START INPUT MATERIAL

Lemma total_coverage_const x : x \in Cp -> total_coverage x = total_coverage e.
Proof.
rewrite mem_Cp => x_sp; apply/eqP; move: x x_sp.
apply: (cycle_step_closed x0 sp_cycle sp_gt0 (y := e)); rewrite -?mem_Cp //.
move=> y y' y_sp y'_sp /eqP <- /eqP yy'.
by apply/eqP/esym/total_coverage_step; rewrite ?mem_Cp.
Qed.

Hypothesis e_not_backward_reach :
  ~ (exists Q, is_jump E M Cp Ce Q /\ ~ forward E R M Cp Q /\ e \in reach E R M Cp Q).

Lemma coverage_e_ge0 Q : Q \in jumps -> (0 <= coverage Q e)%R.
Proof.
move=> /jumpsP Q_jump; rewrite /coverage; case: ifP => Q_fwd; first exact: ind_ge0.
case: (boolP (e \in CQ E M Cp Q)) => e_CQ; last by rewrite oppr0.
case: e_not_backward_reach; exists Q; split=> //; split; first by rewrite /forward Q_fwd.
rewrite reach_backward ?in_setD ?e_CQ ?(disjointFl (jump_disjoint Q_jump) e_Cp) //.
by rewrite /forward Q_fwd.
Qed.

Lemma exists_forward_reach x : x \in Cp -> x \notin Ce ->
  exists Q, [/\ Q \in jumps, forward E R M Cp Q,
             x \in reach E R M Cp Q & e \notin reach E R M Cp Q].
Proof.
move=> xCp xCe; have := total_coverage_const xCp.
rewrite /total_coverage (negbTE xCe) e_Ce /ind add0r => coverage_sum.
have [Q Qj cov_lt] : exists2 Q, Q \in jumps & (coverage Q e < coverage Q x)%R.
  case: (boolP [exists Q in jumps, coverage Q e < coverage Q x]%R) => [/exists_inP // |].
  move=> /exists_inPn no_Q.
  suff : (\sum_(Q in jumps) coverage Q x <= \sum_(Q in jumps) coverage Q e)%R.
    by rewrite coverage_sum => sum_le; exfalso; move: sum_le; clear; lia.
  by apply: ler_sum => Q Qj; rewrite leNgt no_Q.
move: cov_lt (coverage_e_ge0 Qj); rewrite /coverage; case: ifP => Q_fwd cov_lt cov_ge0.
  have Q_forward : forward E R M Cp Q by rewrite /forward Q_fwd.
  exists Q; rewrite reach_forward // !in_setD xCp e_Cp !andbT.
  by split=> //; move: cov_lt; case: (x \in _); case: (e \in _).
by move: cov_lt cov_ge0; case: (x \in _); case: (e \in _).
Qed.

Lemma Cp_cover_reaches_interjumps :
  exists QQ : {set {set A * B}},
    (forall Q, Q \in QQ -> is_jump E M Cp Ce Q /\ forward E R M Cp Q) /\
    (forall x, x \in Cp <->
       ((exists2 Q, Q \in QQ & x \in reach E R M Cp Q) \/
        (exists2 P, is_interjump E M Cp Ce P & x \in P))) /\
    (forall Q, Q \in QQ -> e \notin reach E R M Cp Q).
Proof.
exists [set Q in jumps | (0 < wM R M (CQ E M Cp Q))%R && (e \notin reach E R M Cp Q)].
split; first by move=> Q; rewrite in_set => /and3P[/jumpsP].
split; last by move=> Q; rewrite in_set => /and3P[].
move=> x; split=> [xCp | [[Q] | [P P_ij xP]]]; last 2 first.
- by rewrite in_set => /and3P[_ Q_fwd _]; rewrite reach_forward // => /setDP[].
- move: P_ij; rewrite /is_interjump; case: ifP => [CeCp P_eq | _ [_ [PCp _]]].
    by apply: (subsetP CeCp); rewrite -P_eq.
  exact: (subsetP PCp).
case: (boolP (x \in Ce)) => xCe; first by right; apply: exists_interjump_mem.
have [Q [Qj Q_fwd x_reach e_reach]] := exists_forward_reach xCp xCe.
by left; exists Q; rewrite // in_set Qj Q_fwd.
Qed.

END INPUT MATERIAL
START INPUT MATERIAL

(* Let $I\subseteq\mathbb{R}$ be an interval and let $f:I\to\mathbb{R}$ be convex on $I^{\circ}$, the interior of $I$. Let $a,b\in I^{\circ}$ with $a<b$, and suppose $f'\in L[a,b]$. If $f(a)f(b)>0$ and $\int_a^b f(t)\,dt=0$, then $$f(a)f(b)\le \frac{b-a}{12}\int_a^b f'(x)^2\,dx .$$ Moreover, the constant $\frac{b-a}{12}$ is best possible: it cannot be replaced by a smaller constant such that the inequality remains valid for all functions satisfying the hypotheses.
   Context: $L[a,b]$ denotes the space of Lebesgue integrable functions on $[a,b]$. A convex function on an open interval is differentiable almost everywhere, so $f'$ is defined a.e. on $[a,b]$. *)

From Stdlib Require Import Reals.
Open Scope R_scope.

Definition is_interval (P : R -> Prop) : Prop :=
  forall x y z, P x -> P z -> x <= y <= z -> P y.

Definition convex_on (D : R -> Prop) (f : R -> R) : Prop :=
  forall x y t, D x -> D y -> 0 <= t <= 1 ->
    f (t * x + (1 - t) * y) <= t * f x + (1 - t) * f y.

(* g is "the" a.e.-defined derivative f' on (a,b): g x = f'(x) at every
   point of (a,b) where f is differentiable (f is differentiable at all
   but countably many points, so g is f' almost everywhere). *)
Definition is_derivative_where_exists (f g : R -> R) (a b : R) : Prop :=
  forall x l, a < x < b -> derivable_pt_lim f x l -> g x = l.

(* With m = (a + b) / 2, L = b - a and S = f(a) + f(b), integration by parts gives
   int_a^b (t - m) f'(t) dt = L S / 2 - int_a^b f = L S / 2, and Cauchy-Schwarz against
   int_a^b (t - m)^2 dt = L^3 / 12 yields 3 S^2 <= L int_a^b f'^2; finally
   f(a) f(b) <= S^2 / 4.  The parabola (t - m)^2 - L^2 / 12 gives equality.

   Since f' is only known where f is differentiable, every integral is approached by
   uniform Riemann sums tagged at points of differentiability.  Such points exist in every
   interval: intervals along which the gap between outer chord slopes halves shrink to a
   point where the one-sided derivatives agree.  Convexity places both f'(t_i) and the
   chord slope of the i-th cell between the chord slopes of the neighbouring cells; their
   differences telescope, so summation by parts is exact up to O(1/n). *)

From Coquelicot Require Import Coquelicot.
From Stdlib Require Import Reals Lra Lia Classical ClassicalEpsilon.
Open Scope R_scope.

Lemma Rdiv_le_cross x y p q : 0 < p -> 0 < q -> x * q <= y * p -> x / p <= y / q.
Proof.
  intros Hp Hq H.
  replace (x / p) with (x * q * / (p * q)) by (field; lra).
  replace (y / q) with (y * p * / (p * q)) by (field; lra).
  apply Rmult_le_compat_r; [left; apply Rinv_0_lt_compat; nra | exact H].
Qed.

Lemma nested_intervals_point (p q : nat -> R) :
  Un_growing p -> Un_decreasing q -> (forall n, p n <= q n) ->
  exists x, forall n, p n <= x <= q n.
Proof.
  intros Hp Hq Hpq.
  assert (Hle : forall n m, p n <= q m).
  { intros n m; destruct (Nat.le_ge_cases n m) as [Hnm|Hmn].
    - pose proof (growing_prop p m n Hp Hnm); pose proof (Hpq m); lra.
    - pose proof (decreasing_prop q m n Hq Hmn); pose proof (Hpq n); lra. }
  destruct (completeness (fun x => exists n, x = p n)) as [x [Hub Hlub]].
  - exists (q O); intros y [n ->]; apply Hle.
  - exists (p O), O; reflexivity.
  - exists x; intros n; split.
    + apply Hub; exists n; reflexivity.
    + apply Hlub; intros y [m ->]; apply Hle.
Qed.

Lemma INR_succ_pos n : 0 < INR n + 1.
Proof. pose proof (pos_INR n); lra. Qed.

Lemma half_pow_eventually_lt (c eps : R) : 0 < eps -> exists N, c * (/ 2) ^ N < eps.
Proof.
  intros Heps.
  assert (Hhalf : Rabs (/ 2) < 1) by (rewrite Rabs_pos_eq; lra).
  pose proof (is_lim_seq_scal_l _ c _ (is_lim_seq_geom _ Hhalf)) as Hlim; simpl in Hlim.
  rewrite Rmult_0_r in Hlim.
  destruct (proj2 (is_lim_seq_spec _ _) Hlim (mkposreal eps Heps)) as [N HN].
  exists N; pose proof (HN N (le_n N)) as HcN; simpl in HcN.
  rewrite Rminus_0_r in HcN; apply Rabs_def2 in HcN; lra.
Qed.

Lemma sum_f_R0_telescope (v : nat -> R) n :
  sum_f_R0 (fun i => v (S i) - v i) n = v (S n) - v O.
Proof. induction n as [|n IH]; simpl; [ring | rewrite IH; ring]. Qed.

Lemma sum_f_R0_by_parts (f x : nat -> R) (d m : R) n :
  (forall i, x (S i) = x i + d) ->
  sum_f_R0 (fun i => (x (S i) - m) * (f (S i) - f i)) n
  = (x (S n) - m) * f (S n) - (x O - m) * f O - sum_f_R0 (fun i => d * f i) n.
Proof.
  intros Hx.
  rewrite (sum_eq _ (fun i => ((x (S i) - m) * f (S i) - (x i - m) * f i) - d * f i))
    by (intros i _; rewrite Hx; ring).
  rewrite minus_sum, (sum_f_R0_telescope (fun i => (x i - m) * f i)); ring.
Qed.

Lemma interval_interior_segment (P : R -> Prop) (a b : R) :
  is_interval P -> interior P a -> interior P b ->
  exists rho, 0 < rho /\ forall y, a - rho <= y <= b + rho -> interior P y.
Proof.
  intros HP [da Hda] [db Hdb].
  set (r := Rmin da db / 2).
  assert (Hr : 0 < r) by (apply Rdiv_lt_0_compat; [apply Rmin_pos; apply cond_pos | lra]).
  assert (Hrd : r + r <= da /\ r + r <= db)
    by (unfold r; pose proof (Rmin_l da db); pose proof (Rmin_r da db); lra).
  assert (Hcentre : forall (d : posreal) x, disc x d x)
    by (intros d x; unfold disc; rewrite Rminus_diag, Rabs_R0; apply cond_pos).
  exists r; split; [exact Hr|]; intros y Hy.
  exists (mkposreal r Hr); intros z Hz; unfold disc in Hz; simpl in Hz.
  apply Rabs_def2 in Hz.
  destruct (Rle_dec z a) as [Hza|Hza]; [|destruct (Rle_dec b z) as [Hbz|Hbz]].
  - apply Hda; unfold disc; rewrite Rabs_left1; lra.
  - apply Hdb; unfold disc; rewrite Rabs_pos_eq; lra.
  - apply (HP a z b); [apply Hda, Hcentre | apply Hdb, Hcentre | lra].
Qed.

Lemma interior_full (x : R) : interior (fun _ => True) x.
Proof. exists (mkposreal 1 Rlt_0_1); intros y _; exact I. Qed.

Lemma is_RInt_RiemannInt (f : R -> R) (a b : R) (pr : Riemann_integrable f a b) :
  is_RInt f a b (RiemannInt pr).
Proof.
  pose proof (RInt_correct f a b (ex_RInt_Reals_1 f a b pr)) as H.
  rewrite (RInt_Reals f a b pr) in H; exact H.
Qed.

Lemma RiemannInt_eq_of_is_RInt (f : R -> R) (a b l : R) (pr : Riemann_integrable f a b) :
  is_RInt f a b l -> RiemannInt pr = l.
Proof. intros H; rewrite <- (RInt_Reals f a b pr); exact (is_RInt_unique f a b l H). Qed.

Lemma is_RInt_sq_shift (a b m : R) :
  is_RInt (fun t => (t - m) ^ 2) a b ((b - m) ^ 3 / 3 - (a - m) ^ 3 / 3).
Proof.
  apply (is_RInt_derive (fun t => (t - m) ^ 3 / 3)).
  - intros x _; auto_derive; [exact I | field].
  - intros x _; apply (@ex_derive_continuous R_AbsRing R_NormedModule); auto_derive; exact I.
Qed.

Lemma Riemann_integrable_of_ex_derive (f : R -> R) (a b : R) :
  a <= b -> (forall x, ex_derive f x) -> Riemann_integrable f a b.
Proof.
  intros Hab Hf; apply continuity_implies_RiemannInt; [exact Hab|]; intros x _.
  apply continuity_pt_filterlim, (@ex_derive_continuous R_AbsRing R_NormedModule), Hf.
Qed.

END INPUT MATERIAL

*INSTRUCTIONS FOR THE TASK:* All lines above between those holding "Lemma total_coverage_const x" and "suff : (\sum_(Q", inclusive, must be set down unchanged, and no other line may be included.

*TASK ANSWER:*
Lemma total_coverage_const x : x \in Cp -> total_coverage x = total_coverage e.
Proof.
rewrite mem_Cp => x_sp; apply/eqP; move: x x_sp.
apply: (cycle_step_closed x0 sp_cycle sp_gt0 (y := e)); rewrite -?mem_Cp //.
move=> y y' y_sp y'_sp /eqP <- /eqP yy'.
by apply/eqP/esym/total_coverage_step; rewrite ?mem_Cp.
Qed.

Hypothesis e_not_backward_reach :
  ~ (exists Q, is_jump E M Cp Ce Q /\ ~ forward E R M Cp Q /\ e \in reach E R M Cp Q).

Lemma coverage_e_ge0 Q : Q \in jumps -> (0 <= coverage Q e)%R.
Proof.
move=> /jumpsP Q_jump; rewrite /coverage; case: ifP => Q_fwd; first exact: ind_ge0.
case: (boolP (e \in CQ E M Cp Q)) => e_CQ; last by rewrite oppr0.
case: e_not_backward_reach; exists Q; split=> //; split; first by rewrite /forward Q_fwd.
rewrite reach_backward ?in_setD ?e_CQ ?(disjointFl (jump_disjoint Q_jump) e_Cp) //.
by rewrite /forward Q_fwd.
Qed.

Lemma exists_forward_reach x : x \in Cp -> x \notin Ce ->
  exists Q, [/\ Q \in jumps, forward E R M Cp Q,
             x \in reach E R M Cp Q & e \notin reach E R M Cp Q].
Proof.
move=> xCp xCe; have := total_coverage_const xCp.
rewrite /total_coverage (negbTE xCe) e_Ce /ind add0r => coverage_sum.
have [Q Qj cov_lt] : exists2 Q, Q \in jumps & (coverage Q e < coverage Q x)%R.
  case: (boolP [exists Q in jumps, coverage Q e < coverage Q x]%R) => [/exists_inP // |].
  move=> /exists_inPn no_Q.
  suff : (\sum_(Q in jumps) coverage Q x <= \sum_(Q in jumps) coverage Q e)%R.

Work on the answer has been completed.